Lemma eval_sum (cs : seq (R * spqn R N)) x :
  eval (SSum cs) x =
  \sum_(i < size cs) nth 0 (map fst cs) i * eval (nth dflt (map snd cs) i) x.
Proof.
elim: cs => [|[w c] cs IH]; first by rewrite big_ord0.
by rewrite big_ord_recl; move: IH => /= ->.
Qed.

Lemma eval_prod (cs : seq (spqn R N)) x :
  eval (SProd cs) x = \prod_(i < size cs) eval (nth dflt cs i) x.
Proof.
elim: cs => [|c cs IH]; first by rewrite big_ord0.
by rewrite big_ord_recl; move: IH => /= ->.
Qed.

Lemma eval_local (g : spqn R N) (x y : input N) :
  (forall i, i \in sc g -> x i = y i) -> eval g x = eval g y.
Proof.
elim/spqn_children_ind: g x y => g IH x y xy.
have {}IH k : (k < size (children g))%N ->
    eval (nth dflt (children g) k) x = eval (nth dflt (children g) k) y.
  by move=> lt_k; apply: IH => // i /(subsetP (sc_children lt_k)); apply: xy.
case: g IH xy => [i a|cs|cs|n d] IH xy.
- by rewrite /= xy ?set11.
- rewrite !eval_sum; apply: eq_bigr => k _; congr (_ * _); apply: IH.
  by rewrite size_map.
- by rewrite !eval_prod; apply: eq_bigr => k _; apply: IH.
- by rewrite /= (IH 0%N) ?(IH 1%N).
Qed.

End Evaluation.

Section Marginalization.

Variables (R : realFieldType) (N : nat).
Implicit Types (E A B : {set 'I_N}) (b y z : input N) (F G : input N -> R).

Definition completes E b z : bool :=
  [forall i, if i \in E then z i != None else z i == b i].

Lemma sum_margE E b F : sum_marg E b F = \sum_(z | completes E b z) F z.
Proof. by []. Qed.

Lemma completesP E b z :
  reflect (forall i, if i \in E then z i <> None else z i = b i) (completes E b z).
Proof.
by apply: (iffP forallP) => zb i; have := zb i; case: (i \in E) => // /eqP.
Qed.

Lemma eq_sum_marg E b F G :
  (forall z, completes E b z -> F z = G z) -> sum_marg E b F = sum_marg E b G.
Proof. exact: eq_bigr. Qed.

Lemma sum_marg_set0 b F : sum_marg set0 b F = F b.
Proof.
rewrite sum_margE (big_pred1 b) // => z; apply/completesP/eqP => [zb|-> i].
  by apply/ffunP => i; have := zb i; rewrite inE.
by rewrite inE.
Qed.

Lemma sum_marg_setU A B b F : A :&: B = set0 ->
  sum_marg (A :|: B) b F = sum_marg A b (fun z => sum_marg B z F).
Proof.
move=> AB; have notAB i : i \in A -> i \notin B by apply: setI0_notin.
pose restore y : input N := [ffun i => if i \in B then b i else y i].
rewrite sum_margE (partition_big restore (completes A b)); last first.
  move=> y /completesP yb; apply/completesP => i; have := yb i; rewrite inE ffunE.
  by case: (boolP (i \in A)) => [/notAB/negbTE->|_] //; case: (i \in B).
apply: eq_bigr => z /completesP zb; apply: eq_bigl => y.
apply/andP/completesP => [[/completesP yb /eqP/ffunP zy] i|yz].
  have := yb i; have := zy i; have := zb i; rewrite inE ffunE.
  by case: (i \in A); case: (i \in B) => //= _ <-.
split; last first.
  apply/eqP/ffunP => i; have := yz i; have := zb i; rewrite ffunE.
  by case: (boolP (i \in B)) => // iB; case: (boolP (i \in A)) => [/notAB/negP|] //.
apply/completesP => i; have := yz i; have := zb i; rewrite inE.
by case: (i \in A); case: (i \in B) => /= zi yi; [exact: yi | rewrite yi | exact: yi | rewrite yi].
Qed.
.....
[TASK DETAILS]
Lines with "then": find them in the data and copy each one.

[THE ANSWER]
  [forall i, if i \in E then z i != None else z i == b i].
  reflect (forall i, if i \in E then z i <> None else z i = b i) (completes E b z).
pose restore y : input N := [ffun i => if i \in B then b i else y i].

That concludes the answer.